Building more luxury condos doesn't really help anyone if they're just bought up by foreign investors as speculative investments and safe havens.


building more luxury condos means that the rich foreign investors who are looking for speculative investments can stay out of mid-market housing meant for mid-income homeowners, and mid-income homeowners can stay out of low-income housing meant for low-income homeowners.


A concept that really is lost on a lot of people. It doesnt make any economic sense to build and sell something of low value when you could do it at higher value. In a place like SF that is being squeezed by an influx of high income earners, new luxury housing just makes the old luxury housing less luxurious in comparison. If the market is screaming "we will pay absurd high prices for nice space!" Then by all means, meet that demand and everyone wins. Don't waste precious time energy and land building deliberately crappy subsidized apartments. That's lost profit for the builders, architects, and potential tax revenue too.

I'm not arguing for libertarian planning-- Let's leverage these high prices to build some amazing neighborhoods that can be enjoyed for generations: walkable, mixed-use, sustainable, transit oriented.


I usually use the trusty car comparison here. There's no point in starting a factory that builds 20-year old shitty Saturns. It's more reasonable to build great cars, and trust that the second-hand markets provide the necessary supply of extremely cheap beaters.

In the not-too-distant past, condos used to deprecate. Now their value goes up with each additional year of wear and tear!


>Then by all means, meet that demand and everyone wins. That's lost profit for the builders, architects, and potential tax revenue too.

Yeah, "lost profit", the cardinal evil. Sure, everybody wins, except the poor devils that make less than 100k and can't afford housing anymore.

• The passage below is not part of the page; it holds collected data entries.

(* Under Assumptions (A1) and (A2) of the context, let $B$ be the solution on $[0,T]$ of the constrained ODE and $\lambda^\ast,\pi^\ast$ as in the context. Then for all $t\in[0,T]$, $$\tfrac12\tfrac b{1-b}\eta^2-\tfrac12\tfrac b{1-b}\big(\lambda^\ast(B(T-t))+\sigma\rho B(T-t)\big)^2-\tfrac12b^2\rho^2\pi^\ast(t)^2+b\tfrac{\rho\kappa}\sigma\pi^\ast(t)+\tfrac b{1-b}\tfrac\rho\sigma\big[(\lambda^\ast)'(B(T-t))+\sigma\rho\big]B'(T-t)<\tfrac12\tfrac{\kappa^2}{\sigma^2}.$$
   Context: Parameters: $T>0$; $\eta,\kappa,\sigma>0$; $\rho\in(-1,1)$; $b<1$, $b\ne0$; $K=[\alpha,\beta]$, $-\infty\le\alpha<\beta\le\infty$; $\delta_K(x)=-\alpha x\mathbf 1_{\{x>0\}}-\beta x\mathbf 1_{\{x<0\}}$. $B_-=\frac{(1-b)\alpha-\eta}\sigma$, $B_+=\frac{(1-b)\beta-\eta}\sigma$; $r_0^-=\tfrac12 b\alpha((1-b)\alpha-2\eta)$, $r_1^-=b\sigma\rho\alpha-\kappa$, $r_2^-=\sigma^2$; $r_0=-\frac b{2(1-b)}\eta^2$, $r_1=\frac b{1-b}\eta\sigma\rho-\kappa$, $r_2=\sigma^2(1+\frac b{1-b}\rho^2)$; $r_0^+=\tfrac12 b\beta((1-b)\beta-2\eta)$, $r_1^+=b\sigma\rho\beta-\kappa$, $r_2^+=\sigma^2$. For a triple $(c_0,c_1,c_2)$: $c_3=\sqrt{c_1^2+2c_0c_2}$, $t_+(y_0)=\frac1{c_3}\ln\frac{c_1+c_2y_0+c_3}{c_1+c_2y_0-c_3}$ if $c_1+c_2y_0-c_3>0$, else $\infty$. (A1): (i) $\max\{\frac b{1-b}\eta(\frac{\kappa\rho}\sigma+\frac\eta2),\ b\alpha(\eta-\frac\alpha2+\frac{\kappa\rho}\sigma+\frac12\alpha b(1-\rho^2)),\ b\beta(\eta-\frac\beta2+\frac{\kappa\rho}\sigma+\frac12\beta b(1-\rho^2))\}<\frac{\kappa^2}{2\sigma^2}$; (ii) for each triple $(r_0^-,r_1^-,r_2^-),(r_0,r_1,r_2),(r_0^+,r_1^+,r_2^+)$ and each $y_0\in\{\frac{B_-}\rho\mathbf 1_{\{\rho\ne0\}},\frac{B_+}\rho\mathbf 1_{\{\rho\ne0\}},0\}$, $t_+(y_0)>T$. (A2): $\max\{\frac{b\rho}\kappa\alpha,\frac{b\rho}\kappa\beta\}\le\frac\kappa{\sigma^2}$. Constrained ODE: $B'(\tau)=-\kappa B+\frac12\sigma^2B^2+\frac12\frac b{1-b}\inf_{\lambda\in\mathbb R}(2(1-b)\delta_K(\lambda)+(\eta+\lambda+\sigma\rho B)^2)$, $B(0)=0$ (unique solution on $[0,T]$ under (A1)). $\lambda^\ast(B)=[(1-b)\alpha-(\eta+\sigma\rho B)]\mathbf 1_{\{\rho B<B_-\}}+[(1-b)\beta-(\eta+\sigma\rho B)]\mathbf 1_{\{\rho B>B_+\}}$, a piecewise affine function whose derivative $(\lambda^\ast)'(B)$ equals $-\sigma\rho$ when $\rho B<B_-$ or $\rho B>B_+$ and $0$ when $B_-<\rho B<B_+$ (at the kinks either one-sided value may be used). $\pi^\ast(t)=\frac1{1-b}(\eta+\lambda^\ast(B(T-t))+\sigma\rho B(T-t))$. *)

From Stdlib Require Import Reals Lra.
From Coquelicot Require Import Coquelicot.
Open Scope R_scope.

(* The constraint set K = [alpha, beta], -oo <= alpha < beta <= +oo.
   An endpoint is encoded as [option R]: [None] for alpha = -oo (resp. beta = +oo). *)
Definition K_wf (alpha beta : option R) : Prop :=
  match alpha, beta with
  | Some a, Some c => a < c
  | _, _ => True
  end.

(* Effective domain of delta_K (delta_K(x) = +oo exactly when the
   corresponding endpoint is infinite). *)
Definition deltaK_dom (alpha beta : option R) (x : R) : Prop :=
  (0 < x -> alpha <> None) /\ (x < 0 -> beta <> None).

Definition deltaK (alpha beta : option R) (x : R) : R :=
  (if Rlt_dec 0 x then match alpha with Some a => - a * x | None => 0 end else 0)
  + (if Rlt_dec x 0 then match beta with Some c => - c * x | None => 0 end else 0).

Definition Bbound (eta sigma b k : R) : R := ((1 - b) * k - eta) / sigma.

Definition ode_rhs (eta kappa sigma rho b : R) (alpha beta : option R) (x : R) : R :=
  - kappa * x + / 2 * sigma ^ 2 * x ^ 2
  + / 2 * (b / (1 - b)) *
    real (Glb_Rbar (fun y => exists l, deltaK_dom alpha beta l /\
            y = 2 * (1 - b) * deltaK alpha beta l + (eta + l + sigma * rho * x) ^ 2)).

Definition below_Bm (eta sigma rho b : R) (alpha : option R) (x : R) : Prop :=
  match alpha with Some a => rho * x < Bbound eta sigma b a | None => False end.
Definition above_Bp (eta sigma rho b : R) (beta : option R) (x : R) : Prop :=
  match beta with Some c => Bbound eta sigma b c < rho * x | None => False end.

Definition lamstar (eta sigma rho b : R) (alpha beta : option R) (x : R) : R :=
  (match alpha with
   | Some a => if Rlt_dec (rho * x) (Bbound eta sigma b a)
               then (1 - b) * a - (eta + sigma * rho * x) else 0
   | None => 0 end)
  + (match beta with
   | Some c => if Rlt_dec (Bbound eta sigma b c) (rho * x)
               then (1 - b) * c - (eta + sigma * rho * x) else 0
   | None => 0 end).

(* d is an admissible value of lambda-star'(x): -sigma rho on the outer pieces,
   0 on the middle piece, and either one-sided value at a kink. *)
Definition lamstar_deriv_ok (eta sigma rho b : R) (alpha beta : option R)
  (x d : R) : Prop :=
  (below_Bm eta sigma rho b alpha x -> d = - sigma * rho) /\
  (above_Bp eta sigma rho b beta x -> d = - sigma * rho) /\
  (~ below_Bm eta sigma rho b alpha x -> ~ above_Bp eta sigma rho b beta x ->
     (match alpha with Some a => rho * x <> Bbound eta sigma b a | None => True end) ->
     (match beta with Some c => rho * x <> Bbound eta sigma b c | None => True end) ->
     d = 0) /\
  (d = 0 \/ d = - sigma * rho).

Definition pistar (eta sigma rho b : R) (alpha beta : option R) (B : R -> R) (T t : R) : R :=
  / (1 - b) * (eta + lamstar eta sigma rho b alpha beta (B (T - t)) + sigma * rho * B (T - t)).

Definition tplus (c0 c1 c2 y0 : R) : Rbar :=
  let c3 := sqrt (c1 ^ 2 + 2 * c0 * c2) in
  if Rlt_dec 0 (c1 + c2 * y0 - c3)
  then Finite (/ c3 * ln ((c1 + c2 * y0 + c3) / (c1 + c2 * y0 - c3)))
  else p_infty.

Definition y0_of (rho Bv : R) : R :=
  if Req_EM_T rho 0 then 0 else Bv / rho.

Definition fin_ends (alpha beta : option R) (k : R) : Prop :=
  alpha = Some k \/ beta = Some k.

(* Assumption (A1); terms involving an infinite endpoint are omitted. *)
Definition Assumption_A1 (T eta kappa sigma rho b : R) (alpha beta : option R) : Prop :=
  (b / (1 - b) * eta * (kappa * rho / sigma + eta / 2) < kappa ^ 2 / (2 * sigma ^ 2)
   /\ forall k, fin_ends alpha beta k ->
      b * k * (eta - k / 2 + kappa * rho / sigma + / 2 * k * b * (1 - rho ^ 2))
        < kappa ^ 2 / (2 * sigma ^ 2))
  /\
  (forall c0 c1 c2 y0,
     ((c0 = - b / (2 * (1 - b)) * eta ^ 2 /\ c1 = b / (1 - b) * eta * sigma * rho - kappa
        /\ c2 = sigma ^ 2 * (1 + b / (1 - b) * rho ^ 2))
      \/ (exists k, fin_ends alpha beta k /\
            c0 = / 2 * b * k * ((1 - b) * k - 2 * eta) /\ c1 = b * sigma * rho * k - kappa
            /\ c2 = sigma ^ 2)) ->
     (y0 = 0 \/ exists k, fin_ends alpha beta k /\ y0 = y0_of rho (Bbound eta sigma b k)) ->
     Rbar_lt (Finite T) (tplus c0 c1 c2 y0)).

(* Assumption (A2); terms involving an infinite endpoint are omitted. *)
Definition Assumption_A2 (kappa sigma rho b : R) (alpha beta : option R) : Prop :=
  forall k, fin_ends alpha beta k -> b * rho / kappa * k <= kappa / sigma ^ 2.

(* B solves the constrained ODE on [0,T], with derivative dB
   (one-sided at the endpoints: derivative within [0,T]). *)
Definition solves_ode (T eta kappa sigma rho b : R) (alpha beta : option R)
  (B dB : R -> R) : Prop :=
  B 0 = 0 /\
  forall tau, 0 <= tau <= T ->
    filterdiff B (within (fun s => 0 <= s <= T) (locally tau)) (fun h => scal h (dB tau))
    /\ dB tau = ode_rhs eta kappa sigma rho b alpha beta (B tau).

(* On each piece of lambda^*, the left-hand side is a constant bounded by (A1)(i).
   Where a finite endpoint k is active (eta + lambda^* + sigma rho B = (1-b) k, and
   the derivative of lambda^* is -sigma rho) the B' term vanishes and the expression
   collapses to b k (eta - k/2 + kappa rho/sigma + k b (1 - rho^2)/2).  On the middle
   piece lambda^* = 0 with derivative 0, the infimum in the ODE is attained at
   lambda = 0, and substituting B' leaves b/(1-b) eta (kappa rho/sigma + eta/2).  At a
   kink each admissible one-sided derivative falls into one of these two cases.
   The bound is pointwise in t. *)
From Stdlib Require Import Reals Lra Classical.
From Coquelicot Require Import Coquelicot.
Open Scope R_scope.
Set Bullet Behavior "Strict Subproofs".

Definition lhs_2p6 (eta kappa sigma rho b L x d dBv : R) : R :=
  / 2 * (b / (1 - b)) * eta ^ 2
  - / 2 * (b / (1 - b)) * (L + sigma * rho * x) ^ 2
  - / 2 * b ^ 2 * rho ^ 2 * (/ (1 - b) * (eta + L + sigma * rho * x)) ^ 2
  + b * (rho * kappa / sigma) * (/ (1 - b) * (eta + L + sigma * rho * x))
  + b / (1 - b) * (rho / sigma) * (d + sigma * rho) * dBv.

Lemma lhs_2p6_outer eta kappa sigma rho b k L x d dBv :
  sigma <> 0 -> 1 - b <> 0 -> d = - sigma * rho ->
  eta + L + sigma * rho * x = (1 - b) * k ->
  lhs_2p6 eta kappa sigma rho b L x d dBv =
  b * k * (eta - k / 2 + kappa * rho / sigma + / 2 * k * b * (1 - rho ^ 2)).
Proof.
  intros Hs Hb -> HL.
  replace L with ((1 - b) * k - eta - sigma * rho * x) by lra.
  unfold lhs_2p6. field. auto.
Qed.

Lemma lhs_2p6_middle eta kappa sigma rho b x dBv :
  sigma <> 0 -> 1 - b <> 0 ->
  dBv = - kappa * x + / 2 * sigma ^ 2 * x ^ 2
        + / 2 * (b / (1 - b)) * (eta + sigma * rho * x) ^ 2 ->
  lhs_2p6 eta kappa sigma rho b 0 x 0 dBv =
  b / (1 - b) * eta * (kappa * rho / sigma + eta / 2).
Proof.
  intros Hs Hb ->. unfold lhs_2p6. field. auto.
Qed.

Lemma Glb_penalized_square_interior eta b s (alpha beta : option R) :
  0 < 1 - b ->
  (forall a, alpha = Some a -> (1 - b) * a <= eta + s) ->
  (forall c, beta = Some c -> eta + s <= (1 - b) * c) ->
  real (Glb_Rbar (fun y => exists l, deltaK_dom alpha beta l /\
          y = 2 * (1 - b) * deltaK alpha beta l + (eta + l + s) ^ 2)) = (eta + s) ^ 2.
Proof.
  intros Hb Ha Hc.
  rewrite (is_glb_Rbar_unique _ (Finite ((eta + s) ^ 2))); [reflexivity|].
  split.
  - intros y [l [[Dpos Dneg] ->]]. simpl. unfold deltaK.
    destruct (Rlt_dec 0 l) as [Hl|Hl]; destruct (Rlt_dec l 0) as [Hl'|Hl'].
    + lra.
    + destruct alpha as [a|]; [|exfalso; now apply Dpos].
      specialize (Ha a eq_refl).
      assert (0 <= l * (eta + s - (1 - b) * a)) by (apply Rmult_le_pos; lra).
      nra.
    + destruct beta as [c|]; [|exfalso; now apply Dneg].
      specialize (Hc c eq_refl).
      assert (0 <= - l * ((1 - b) * c - (eta + s))) by (apply Rmult_le_pos; lra).
      nra.
    + replace l with 0 by lra. lra.
  - intros m Hm. apply Hm. exists 0. split.
    + split; intros; lra.
    + unfold deltaK. destruct (Rlt_dec 0 0); [lra|]. ring.
Qed.

Section LambdaStar.

Variables (eta sigma rho b : R) (alpha beta : option R).
Hypotheses (sigma_pos : 0 < sigma) (one_minus_b_pos : 0 < 1 - b).

Lemma sigma_Bbound k : sigma * Bbound eta sigma b k = (1 - b) * k - eta.
Proof. unfold Bbound. field. lra. Qed.

Lemma Bbound_lt a c : a < c -> Bbound eta sigma b a < Bbound eta sigma b c.
Proof.
  intros Hac. pose proof (sigma_Bbound a). pose proof (sigma_Bbound c). nra.
Qed.

Definition on_outer_piece (x k : R) : Prop :=
  (alpha = Some k /\ rho * x <= Bbound eta sigma b k)
  \/ (beta = Some k /\ Bbound eta sigma b k <= rho * x).

Lemma on_outer_piece_fin_ends x k : on_outer_piece x k -> fin_ends alpha beta k.
Proof. intros [[-> _]|[-> _]]; [left|right]; reflexivity. Qed.

Lemma lamstar_on_outer_piece x k :
  K_wf alpha beta -> on_outer_piece x k ->
  eta + lamstar eta sigma rho b alpha beta x + sigma * rho * x = (1 - b) * k.
Proof.
  assert (Hkink : rho * x = Bbound eta sigma b k -> eta + sigma * rho * x = (1 - b) * k).
  { intros E. rewrite Rmult_assoc, E, sigma_Bbound. ring. }
  intros HK [[-> Hle]|[-> Hle]]; unfold lamstar.
  - assert (Hbeta : forall c, beta = Some c -> rho * x < Bbound eta sigma b c).
    { intros c ->. apply (Rle_lt_trans _ _ _ Hle), Bbound_lt. exact HK. }
    destruct beta as [c|];
      [destruct (Rlt_dec (Bbound eta sigma b c) (rho * x));
       [specialize (Hbeta c eq_refl); lra|] |];
      destruct (Rlt_dec (rho * x) (Bbound eta sigma b k)); try ring;
      rewrite <- Hkink by lra; ring.
  - assert (Halpha : forall a, alpha = Some a -> Bbound eta sigma b a < rho * x).
    { intros a ->. apply (Rlt_le_trans _ _ _ (Bbound_lt _ _ HK) Hle). }
    destruct alpha as [a|];
      [destruct (Rlt_dec (rho * x) (Bbound eta sigma b a));
       [specialize (Halpha a eq_refl); lra|] |];
      destruct (Rlt_dec (Bbound eta sigma b k) (rho * x)); try ring;
      rewrite <- Hkink by lra; ring.
Qed.

Lemma lamstar_middle x :
  ~ below_Bm eta sigma rho b alpha x -> ~ above_Bp eta sigma rho b beta x ->
  lamstar eta sigma rho b alpha beta x = 0.
Proof.
  intros Nbelow Nabove. unfold lamstar.
  destruct alpha as [a|]; destruct beta as [c|]; simpl in Nbelow, Nabove;
    repeat match goal with |- context [Rlt_dec ?u ?v] =>
      destruct (Rlt_dec u v); [tauto|] end;
    ring.
Qed.

Lemma ode_rhs_middle kappa x :
  ~ below_Bm eta sigma rho b alpha x -> ~ above_Bp eta sigma rho b beta x ->
  ode_rhs eta kappa sigma rho b alpha beta x =
  - kappa * x + / 2 * sigma ^ 2 * x ^ 2
  + / 2 * (b / (1 - b)) * (eta + sigma * rho * x) ^ 2.
Proof.
  intros Nbelow Nabove. unfold ode_rhs.
  rewrite Glb_penalized_square_interior; [reflexivity|exact one_minus_b_pos|..].
  - intros a ->. apply Rnot_lt_le in Nbelow. pose proof (sigma_Bbound a). nra.
  - intros c ->. apply Rnot_lt_le in Nabove. pose proof (sigma_Bbound c). nra.
Qed.

Lemma lamstar_deriv_cases x d :
  lamstar_deriv_ok eta sigma rho b alpha beta x d ->
  (d = 0 /\ ~ below_Bm eta sigma rho b alpha x /\ ~ above_Bp eta sigma rho b beta x)
  \/ (d = - sigma * rho /\ exists k, on_outer_piece x k).
Proof.
  intros [Dbelow [Dabove [Dmiddle Dvalues]]].
  destruct (classic (below_Bm eta sigma rho b alpha x)) as [Hbelow|Nbelow].
  { right. split; [auto|].
    destruct alpha as [a|] eqn:Ea; [|contradiction]. exists a. left. simpl in Hbelow. split; [exact Ea|lra]. }
  destruct (classic (above_Bp eta sigma rho b beta x)) as [Habove|Nabove].
  { right. split; [auto|].
    destruct beta as [c|] eqn:Ec; [|contradiction]. exists c. right. simpl in Habove. split; [exact Ec|lra]. }
  destruct Dvalues as [Hd|Hd]; [left; auto|].
  destruct (classic (exists k, on_outer_piece x k)) as [Hk|Nk]; [right; auto|].
  left. split; [|auto]. apply Dmiddle; auto.
  - destruct alpha as [a|] eqn:Ea; [|exact I]. intros E. apply Nk. exists a. left. split; [exact Ea|lra].
  - destruct beta as [c|] eqn:Ec; [|exact I]. intros E. apply Nk. exists c. right. split; [exact Ec|lra].
Qed.

End LambdaStar.

Theorem lemma2p6 (T eta kappa sigma rho b : R) (alpha beta : option R)
  (B dB : R -> R) :
  0 < T -> 0 < eta -> 0 < kappa -> 0 < sigma -> -1 < rho < 1 -> b < 1 -> b <> 0 ->
  K_wf alpha beta ->
  Assumption_A1 T eta kappa sigma rho b alpha beta ->
  Assumption_A2 kappa sigma rho b alpha beta ->
  solves_ode T eta kappa sigma rho b alpha beta B dB ->
  forall t, 0 <= t <= T ->
  forall d, lamstar_deriv_ok eta sigma rho b alpha beta (B (T - t)) d ->
  / 2 * (b / (1 - b)) * eta ^ 2
  - / 2 * (b / (1 - b)) * (lamstar eta sigma rho b alpha beta (B (T - t)) + sigma * rho * B (T - t)) ^ 2
  - / 2 * b ^ 2 * rho ^ 2 * (pistar eta sigma rho b alpha beta B T t) ^ 2
  + b * (rho * kappa / sigma) * pistar eta sigma rho b alpha beta B T t
  + b / (1 - b) * (rho / sigma) * (d + sigma * rho) * dB (T - t)
  < / 2 * (kappa ^ 2 / sigma ^ 2).
Proof.
  intros _ _ _ Hsigma _ Hb _ HK [[A1_middle A1_ends] _] _ [_ Hode] t Ht d Hd.
  assert (Hb1 : 0 < 1 - b) by lra.
  destruct (Hode (T - t)) as [_ HdB]; [lra|].
  unfold pistar. set (x := B (T - t)) in *.
  change (lhs_2p6 eta kappa sigma rho b (lamstar eta sigma rho b alpha beta x) x d (dB (T - t))
          < / 2 * (kappa ^ 2 / sigma ^ 2)).
  replace (/ 2 * (kappa ^ 2 / sigma ^ 2)) with (kappa ^ 2 / (2 * sigma ^ 2)) by (field; lra).
  destruct (lamstar_deriv_cases _ _ _ _ _ _ _ _ Hd)
    as [[-> [Nbelow Nabove]] | [Hd' [k Hk]]].
  - rewrite (lamstar_middle _ _ _ _ _ _ _ Nbelow Nabove), lhs_2p6_middle; try lra.
    rewrite HdB. apply ode_rhs_middle; assumption.
  - rewrite (lhs_2p6_outer _ _ _ _ _ k); try lra.
    + apply A1_ends, (on_outer_piece_fin_ends _ _ _ _ _ _ _ _ Hk).
    + apply lamstar_on_outer_piece; assumption.
Qed.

But who cares about them? Profit profit profit!

The truth is public policies should seek to maximise social gain. It's not their fucking job to enter into considerations about some people's profits.

PS: it doesn't make economic sense to waste money doing proper waste management when you can just dump your poison in the river, nevertheless we legislate that businesses must do the former.


Yes they do, look at any economic report.


Agree. Another solution is to encourage employers to relocate away from expensive cities. We need more tech companies going to Oklahoma or texas where land is cheap.


Or if companies were more receptive to remote working and other flexible working policies, so that people could live where they wanted to.


Land is cheap, network is not.

No one is going to move, because cheap land is not yet cheap enough to offset the opportunity (or perceived opportunity) cost of being in a keystone ecosystem.


More or better? I think more apartments (condos that you own,not rent) would solve a lot of housing problems. Everyone just has to have a large single family house.


Not even that. City governments so fetishize large, detached, widely-spaced two-story single-family houses that if you try to build anything else on 99.9% of streets, they handcuff you and haul you off to jail.


It's more or less the opposite in Dublin; you generally may not build detached houses in remotely urban areas these days.

Spoiler: There's still a massive housing crisis. Housing is _hard_.


Hah,that's one extreme reaction.


Alternatively, if you had less people.


Or just ignore regulation.

Just remove the inconveniences and it’s a VC findable business model.